> Material provided
(* Suppose $\mathcal C$ is a Distribution Problem satisfying Thin Individual Indifference. (a) If $\mathcal D$ is a quota rule with quota $q<n$, then for any selections $\hat\phi_1,\dots,\hat\phi_T$ of $\Phi^{\mathrm{or}}_{\mathcal D}$: if $T\ge\lceil n/(n-q)\rceil$ then $[\hat\phi_1\circ\cdots\circ\hat\phi_T](x)\in X_A^*$ for all $x\in X$. (b) If $\mathcal D$ is a veto-proof voting rule, then for any selections $\hat\phi_1,\dots,\hat\phi_T$ of $\Phi^{\mathrm{or}}_{\mathcal D}$: if $T\ge n$ then $[\hat\phi_1\circ\cdots\circ\hat\phi_T](x)\in X_A^*$ for all $x\in X$.
   Context: Collective choice problem $\mathcal C$: voters $N=\{1,\dots,n\}$, agenda setter $A$, compact metrizable policy space $X$, continuous preferences $\succsim_i$ with continuous utilities $u_i$; $X_A^*=\arg\max_X u_A$. Distribution Problem: for every $x$ and player $i$, (Scarcity) if $u_i(x)<\max_X u_i$ then either some $j\ne i$ has $u_j(x)>\min_X u_j$ or some $y$ has $u_k(y)>u_k(x)$ for all players $k$; (Transferability) if $u_i(x)>\min_X u_i$ then some $y$ has $u_j(y)>u_j(x)$ for all players $j\ne i$. Thin Individual Indifference: for every player $i$ and $x$, $\{y: y\sim_i x\}\setminus\{x\}$ has empty interior. Voting rule: collection $\mathcal D\subseteq 2^N$ of winning coalitions; quota rule with quota $q$: $\mathcal D=\{D\subseteq N:|D|\ge q\}$; veto-proof: for each voter $i$ some $D\in\mathcal D$ has $D\subseteq N\setminus\{i\}$. $M^{w}_{\mathcal D}(x)=\{y:\exists D\in\mathcal D,\ y\succsim_i x\ \forall i\in D\}$, $M^{s}_{\mathcal D}(x)=\{y:\exists D\in\mathcal D,\ y\succ_i x\ \forall i\in D\}$, $M^{as}_{\mathcal D}(x)=\mathrm{cl}[M^{s}_{\mathcal D}(x)]\cup\{x\}$, $V_A^{as}(x\mid\mathcal D)=\max_{y\in M^{as}_{\mathcal D}(x)}u_A(y)$, $\Phi^{\mathrm{or}}_{\mathcal D}(x)=\{y\in M^{w}_{\mathcal D}(x): u_A(y)\ge V_A^{as}(x\mid\mathcal D)\}$. A selection of $\Phi^{\mathrm{or}}_{\mathcal D}$ is a map $\hat\phi:X\to X$ with $\hat\phi(x)\in\Phi^{\mathrm{or}}_{\mathcal D}(x)$ for all $x$. *)

From HB Require Import structures.
From mathcomp Require Import all_boot all_order all_algebra.
From mathcomp Require Import all_classical all_reals all_analysis.
Set Implicit Arguments. Unset Strict Implicit. Unset Printing Implicit Defensive.
Import Order.TTheory GRing.Theory Num.Theory.
Local Open Scope classical_set_scope.
Local Open Scope ring_scope.

Section Defs.
Variables (R : realType) (X : topologicalType) (n : nat).

(* Players: voters [Some i] (i : 'I_n) and the agenda setter [None]. *)
Definition pu (u : 'I_n -> X -> R) (uA : X -> R) (p : option 'I_n) : X -> R :=
  match p with Some i => u i | None => uA end.

(* u x < max_X u, and u x > min_X u (max/min attained by compactness). *)
Definition below_max (f : X -> R) (x : X) : Prop := exists y, f x < f y.
Definition above_min (f : X -> R) (x : X) : Prop := exists y, f y < f x.

Definition distribution_problem (u : 'I_n -> X -> R) (uA : X -> R) : Prop :=
  forall (x : X) (i : option 'I_n),
    (below_max (pu u uA i) x ->
       (exists j, j <> i /\ above_min (pu u uA j) x) \/
       (exists y, forall k, pu u uA k x < pu u uA k y)) /\
    (above_min (pu u uA i) x ->
       exists y, forall j, j <> i -> pu u uA j x < pu u uA j y).

Definition thin_indifference (u : 'I_n -> X -> R) (uA : X -> R) : Prop :=
  forall (i : option 'I_n) (x : X),
    interior ([set y | pu u uA i y = pu u uA i x] `\ x) = set0.

Definition argmaxA (uA : X -> R) : set X := [set x | forall y, uA y <= uA x].

Definition quota_rule (q : nat) : set {set 'I_n} := [set S | (q <= #|S|)%N].

Definition veto_proof (D : set {set 'I_n}) : Prop :=
  forall i : 'I_n, exists S, D S /\ S \subset [set~ i].

(* y ≿_i x  iff  u_i x <= u_i y *)
Definition Mw (u : 'I_n -> X -> R) (D : set {set 'I_n}) (x : X) : set X :=
  [set y | exists S, D S /\ forall i, i \in S -> u i x <= u i y].
Definition Ms (u : 'I_n -> X -> R) (D : set {set 'I_n}) (x : X) : set X :=
  [set y | exists S, D S /\ forall i, i \in S -> u i x < u i y].
Definition Mas (u : 'I_n -> X -> R) (D : set {set 'I_n}) (x : X) : set X :=
  closure (Ms u D x) `|` [set x].

Definition Phi_or (u : 'I_n -> X -> R) (uA : X -> R) (D : set {set 'I_n})
  (x : X) : set X :=
  [set y | Mw u D x y /\ forall z, Mas u D x z -> uA z <= uA y].

Definition is_selection (u : 'I_n -> X -> R) (uA : X -> R)
  (D : set {set 'I_n}) (phi : X -> X) : Prop :=
  forall x, Phi_or u uA D x (phi x).

(* [phi_1 o ... o phi_T] for fs = [:: phi_1; ...; phi_T] *)
Definition compose_all (fs : seq (X -> X)) : X -> X := foldr (fun f g => f \o g) id fs.

End Defs.

From HB Require Import structures.
From mathcomp Require Import all_boot all_order all_algebra zify.
From mathcomp Require Import all_classical all_reals all_analysis.
Import Order.TTheory GRing.Theory Num.Theory numFieldTopology.Exports.
Local Open Scope classical_set_scope.
Local Open Scope ring_scope.
Set Implicit Arguments. Unset Strict Implicit.

(* Let P(y) be the set of voters strictly above their minimum utility at y,
   and suppose y is chosen from Phi^or(x) without being optimal for the agenda
   setter.  Then P(y) is nonempty (scarcity for the setter); no winning
   coalition omitting a voter j of P(y) weakly prefers y to x, since
   transferability away from j would give a point that this coalition and the
   setter strictly prefer; and P(y) is contained in P(x), by thin indifference.
   Hence P(y) and the voters outside P(x) all weakly prefer y to x.  Counting
   these voters, |P| drops by at least n - q at each round under a quota rule,
   and by at least 1 under a veto-proof rule.  As |P| <= n and optimality for
   the setter persists along Phi^or, the stated number of rounds suffices. *)

Lemma leq_card_setC_add (T : finType) (A B W : {set T}) :
  A \subset B -> A \subset W -> ~: B \subset W -> (#|A| + #|~: B| <= #|W|)%N.
Proof.
move=> AB AW BcW; rewrite -(cardsID B W) leq_add ?subset_leq_card //.
  by rewrite finset.subsetI AW AB.
by rewrite finset.setDE finset.subsetI BcW subxx.
Qed.

Lemma ceil_divn_le (R : archiRealFieldType) (m k s : nat) : (0 < k)%N ->
  (Num.ceil ((m%:R : R) / k%:R) <= s%:R)%R -> (m <= s * k)%N.
Proof.
by move=> k_gt0; rewrite natz ceil_le_int -pmulrn ler_pdivrMr ?ltr0n // -natrM ler_nat.
Qed.

Section AgendaSetting.
Variables (R : realType) (X : topologicalType) (n : nat).
Variables (u : 'I_n -> X -> R) (uA : X -> R).
Implicit Types (x y w : X) (S : {set 'I_n}).
Hypotheses (dp : distribution_problem u uA) (thin : thin_indifference u uA).
Hypotheses (u_cont : forall i, continuous (u i)) (uA_cont : continuous uA).

Lemma not_argmaxA x : ~ argmaxA uA x -> below_max uA x.
Proof.
move=> xNmax; apply: contrapT => xNbelow; apply: xNmax => y.
by rewrite leNgt; apply/negP => xy; apply: xNbelow; exists y.
Qed.

Lemma not_above_min (f : X -> R) x : ~ above_min f x -> forall y, f x <= f y.
Proof.
by move=> xNabove y; rewrite leNgt; apply/negP => yx; apply: xNabove; exists y.
Qed.

Definition above_min_set y : {set 'I_n} := [set i | `[< above_min (u i) y >]].

Lemma above_min_setP y i : reflect (above_min (u i) y) (i \in above_min_set y).
Proof. by rewrite inE; apply: asboolP. Qed.

Definition weak_supporters x y : {set 'I_n} := [set i | u i x <= u i y].

Lemma setC_above_min_set_sub x y : ~: above_min_set x \subset weak_supporters x y.
Proof.
apply/fintype.subsetP => i; rewrite inE => /above_min_setP xNabove.
by rewrite inE; apply: not_above_min.
Qed.

Section Rule.
Variable D : set {set 'I_n}.

Lemma Phi_or_Ms_le x y w : Phi_or u uA D x y -> Ms u D x w -> uA w <= uA y.
Proof. by case=> _ le_y /subset_closure Msw; apply: le_y; left. Qed.

Lemma Phi_or_self_le x y : Phi_or u uA D x y -> uA x <= uA y.
Proof. by case=> _; apply; right. Qed.

Lemma argmaxA_Phi_or x y : Phi_or u uA D x y -> argmaxA uA x -> argmaxA uA y.
Proof. by move=> /Phi_or_self_le xy xmax z; apply: le_trans xy. Qed.

Lemma Mw_Ms_improvement x y w : Mw u D x y ->
  (forall i, u i x < u i w \/ u i y < u i w) -> Ms u D x w.
Proof.
case=> S [DS le_xy] lt_w; exists S; split=> // i /le_xy xy.
by case: (lt_w i) => // yw; apply: le_lt_trans xy yw.
Qed.

Lemma Phi_or_exists_above_min x y : Phi_or u uA D x y -> ~ argmaxA uA y ->
  exists j, above_min (u j) y.
Proof.
move=> Phi /not_argmaxA yNmax.
case: ((dp y None).1 yNmax) => [[[j|] [//= _ jy]] | [w lt_w]]; first by exists j.
suff: uA w <= uA y by rewrite leNgt (lt_w None).
apply: (Phi_or_Ms_le Phi); apply: (Mw_Ms_improvement Phi.1) => i.
by right; apply: (lt_w (Some i)).
Qed.

Lemma Phi_or_no_coalition_without x y j S : Phi_or u uA D x y ->
  above_min (u j) y -> D S -> j \notin S -> ~ S \subset weak_supporters x y.
Proof.
move=> Phi jy DS jNS /fintype.subsetP S_weak.
have [w lt_w] := (dp y (Some j)).2 jy.
suff: uA w <= uA y by rewrite leNgt (lt_w None).
apply: (Phi_or_Ms_le Phi); exists S; split=> // i iS.
have := S_weak i iS; rewrite inE => /le_lt_trans; apply; apply: (lt_w (Some i)).
by case=> eq_ij; rewrite -eq_ij iS in jNS.
Qed.

Lemma above_min_set_sub_weak x y : Phi_or u uA D x y ->
  above_min_set y \subset weak_supporters x y.
Proof.
move=> Phi; have [S [DS le_xy]] := Phi.1.
apply/fintype.subsetP => j /above_min_setP jy; rewrite inE.
have [/le_xy //|jNS] := boolP (j \in S).
exfalso; apply: (Phi_or_no_coalition_without Phi jy DS jNS).
by apply/fintype.subsetP => i iS; rewrite inE le_xy.
Qed.

Lemma card_above_min_set_gt0 x y : Phi_or u uA D x y -> ~ argmaxA uA y ->
  (0 < #|above_min_set y|)%N.
Proof.
move=> Phi yNmax; have [j jy] := Phi_or_exists_above_min Phi yNmax.
by apply/card_gt0P; exists j; apply/above_min_setP.
Qed.

(* If voter i were at their minimum at x, every point improving on y for the
   setter and all other voters would have to leave u_i at that minimum (or it
   would lie in M^s(x)); these points form a nonempty open set avoiding x. *)
Lemma Phi_or_above_min x y i : Phi_or u uA D x y ->
  above_min (u i) y -> above_min (u i) x.
Proof.
move=> Phi iy; apply: contrapT => /not_above_min x_min.
have [z lt_z] := (dp y (Some i)).2 iy.
pose U := [set w | uA y < uA w /\ forall k, k != i -> u k y < u k w].
have Uz : U z.
  split=> [|k ki]; first exact: (lt_z None).
  by apply: (lt_z (Some k)) => -[/eqP]; rewrite (negPf ki).
have U_nbhs : nbhs z U.
  near=> w; split; first by near: w; apply: cvgr_gt _ (@uA_cont z) _ Uz.1.
  near: w; apply: (filter_forall (f := fun k w => k != i -> u k y < u k w)) => k.
  have [->|ki] := eqVneq k i; first exact: nearW.
  by apply: filterS (cvgr_gt _ (@u_cont k z) _ (Uz.2 k ki)) => w ukw _.
have U_level : U `<=` [set w | u i w = u i x] `\ x.
  move=> w [yw kw]; split=> [|/= wx]; last by move: yw; rewrite wx ltNge Phi_or_self_le.
  apply/eqP; rewrite eq_le x_min andbT leNgt; apply/negP => xw.
  suff: uA w <= uA y by rewrite leNgt yw.
  apply: (Phi_or_Ms_le Phi); apply: (Mw_Ms_improvement Phi.1) => k.
  by have [->|ki] := eqVneq k i; [left | right; apply: kw].
have := thin (Some i) x; rewrite /= => no_interior.
suff: ([set w | u i w = u i x] `\ x)° z by rewrite no_interior.
exact: filterS U_level U_nbhs.
Unshelve. all: by end_near.
Qed.

Lemma above_min_set_Phi_or x y : Phi_or u uA D x y ->
  above_min_set y \subset above_min_set x.
Proof.
move=> Phi; apply/fintype.subsetP => i /above_min_setP iy.
by apply/above_min_setP; apply: Phi_or_above_min Phi iy.
Qed.

Lemma argmaxA_compose_all_or_descent (d : nat) (fs : seq (X -> X)) :
  (forall x y, Phi_or u uA D x y -> ~ argmaxA uA y ->
     (#|above_min_set y| + d <= #|above_min_set x|)%N) ->
  (forall k, (k < size fs)%N -> is_selection u uA D (nth id fs k)) ->
  forall x, argmaxA uA (compose_all fs x) \/
            (#|above_min_set (compose_all fs x)| + size fs * d <= n)%N.
Proof.
move=> descent; elim: fs => [|f fs IH] sel x.
  by right; rewrite mul0n addn0 -[n in (_ <= n)%N]card_ord max_card.
have Phi : Phi_or u uA D (compose_all fs x) (compose_all (f :: fs) x).
  exact: (sel 0%N).
have [xmax|bound] := IH (fun k => sel k.+1) x.
  by left; apply: argmaxA_Phi_or Phi xmax.
have [ymax|yNmax] := pselect (argmaxA uA (compose_all (f :: fs) x)); first by left.
by right; have := descent _ _ Phi yNmax; rewrite [size _]/= mulSn; lia.
Qed.

Lemma argmaxA_compose_all (d : nat) (fs : seq (X -> X)) :
  (forall x y, Phi_or u uA D x y -> ~ argmaxA uA y ->
     (#|above_min_set y| + d <= #|above_min_set x|)%N) ->
  (0 < n)%N ->
  (forall k, (k < size fs)%N -> is_selection u uA D (nth id fs k)) ->
  (n <= size fs * d)%N ->
  forall x, argmaxA uA (compose_all fs x).
Proof.
move=> descent n_gt0 sel n_le x.
have [//|bound] := argmaxA_compose_all_or_descent descent sel x.
case: fs sel n_le bound => [|f fs] sel n_le bound; first by rewrite mul0n in n_le; lia.
apply: contrapT => yNmax.
have := card_above_min_set_gt0 (sel 0%N isT (compose_all fs x)) yNmax.
by move: bound n_le; rewrite /=; lia.
Qed.

End Rule.

Lemma quota_rule_descent q x y : Phi_or u uA (quota_rule q) x y -> ~ argmaxA uA y ->
  (#|above_min_set y| + (n - q) <= #|above_min_set x|)%N.
Proof.
move=> Phi yNmax.
have [j jPy] := card_gt0P (card_above_min_set_gt0 Phi yNmax).
have /above_min_setP jy := jPy.
have W_lt : (#|weak_supporters x y :\ j| < q)%N.
  rewrite ltnNge; apply/negP => Wq.
  by apply: (Phi_or_no_coalition_without Phi jy Wq); rewrite ?setD11 ?subsetDl.
have := cardsD1 j (weak_supporters x y).
rewrite (fintype.subsetP (above_min_set_sub_weak Phi) j jPy) add1n.
have Py_sub_Px := above_min_set_Phi_or Phi.
have := leq_card_setC_add Py_sub_Px (above_min_set_sub_weak Phi)
  (setC_above_min_set_sub x y).
have := subset_leq_card Py_sub_Px.
have := cardsC (above_min_set x); rewrite card_ord; lia.
Qed.

Lemma veto_proof_descent D x y : veto_proof D ->
  Phi_or u uA D x y -> ~ argmaxA uA y ->
  (#|above_min_set y| + 1 <= #|above_min_set x|)%N.
Proof.
move=> veto Phi yNmax; set W := weak_supporters x y.
have [j jPy] := card_gt0P (card_above_min_set_gt0 Phi yNmax).
have [S [DS S_j]] := veto j.
have /subsetPn[k kS kNW] : ~~ (S \subset W).
  apply/negP; move/above_min_setP: (jPy) => jy.
  apply: (Phi_or_no_coalition_without Phi jy DS).
  by apply/negP => /(fintype.subsetP S_j); rewrite inE; apply.
have kx : k \in above_min_set x.
  by move: kNW; rewrite inE -ltNge => yx; apply/above_min_setP; exists y.
have kNPy : k \notin above_min_set y.
  by apply: contra kNW; apply: (fintype.subsetP (above_min_set_sub_weak Phi)).
rewrite (cardsD1 k (above_min_set x)) kx add1n addn1 ltnS.
apply: subset_leq_card; rewrite subsetD1 kNPy andbT.
exact: (above_min_set_Phi_or Phi).
Qed.

End AgendaSetting.

Theorem lemma10 (R : realType) (X : metricType R) (n : nat)
  (u : 'I_n -> X -> R) (uA : X -> R) :
  (0 < n)%N ->
  compact [set: X] ->
  (forall i, continuous (u i)) -> continuous uA ->
  distribution_problem u uA -> thin_indifference u uA ->
  (* (a) quota rules *)
  (forall (q : nat), (q < n)%N ->
     forall fs : seq (X -> X),
       (forall k, (k < size fs)%N -> is_selection u uA (@quota_rule n q) (nth id fs k)) ->
       (Num.ceil ((n%:R : R) / (n - q)%:R) <= (size fs)%:R)%R ->
       forall x, argmaxA uA (compose_all fs x)) /\
  (* (b) veto-proof rules *)
  (forall D : set {set 'I_n}, veto_proof D ->
     forall fs : seq (X -> X),
       (forall k, (k < size fs)%N -> is_selection u uA D (nth id fs k)) ->
       (n <= size fs)%N ->
       forall x, argmaxA uA (compose_all fs x)).
Proof.
move=> n_gt0 _ u_cont uA_cont dp thin; split.
- move=> q lt_qn fs sel ceil_le.
  apply: (argmaxA_compose_all dp (d := (n - q)%N) _ n_gt0 sel).
    exact: quota_rule_descent.
  by apply: ceil_divn_le ceil_le; rewrite subn_gt0.
- move=> D veto fs sel le_n.
  apply: (argmaxA_compose_all dp (d := 1%N) _ n_gt0 sel); last by rewrite muln1.
  by move=> x y; apply: veto_proof_descent.
Qed.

> Problem to solve
Copy out the lines above exactly, beginning at the one that contains "Definition quota_rule (q" and ending at the one that contains "-> u i x <= u i y].".

> Exercise output
Definition quota_rule (q : nat) : set {set 'I_n} := [set S | (q <= #|S|)%N].

Definition veto_proof (D : set {set 'I_n}) : Prop :=
  forall i : 'I_n, exists S, D S /\ S \subset [set~ i].

(* y ≿_i x  iff  u_i x <= u_i y *)
Definition Mw (u : 'I_n -> X -> R) (D : set {set 'I_n}) (x : X) : set X :=
  [set y | exists S, D S /\ forall i, i \in S -> u i x <= u i y].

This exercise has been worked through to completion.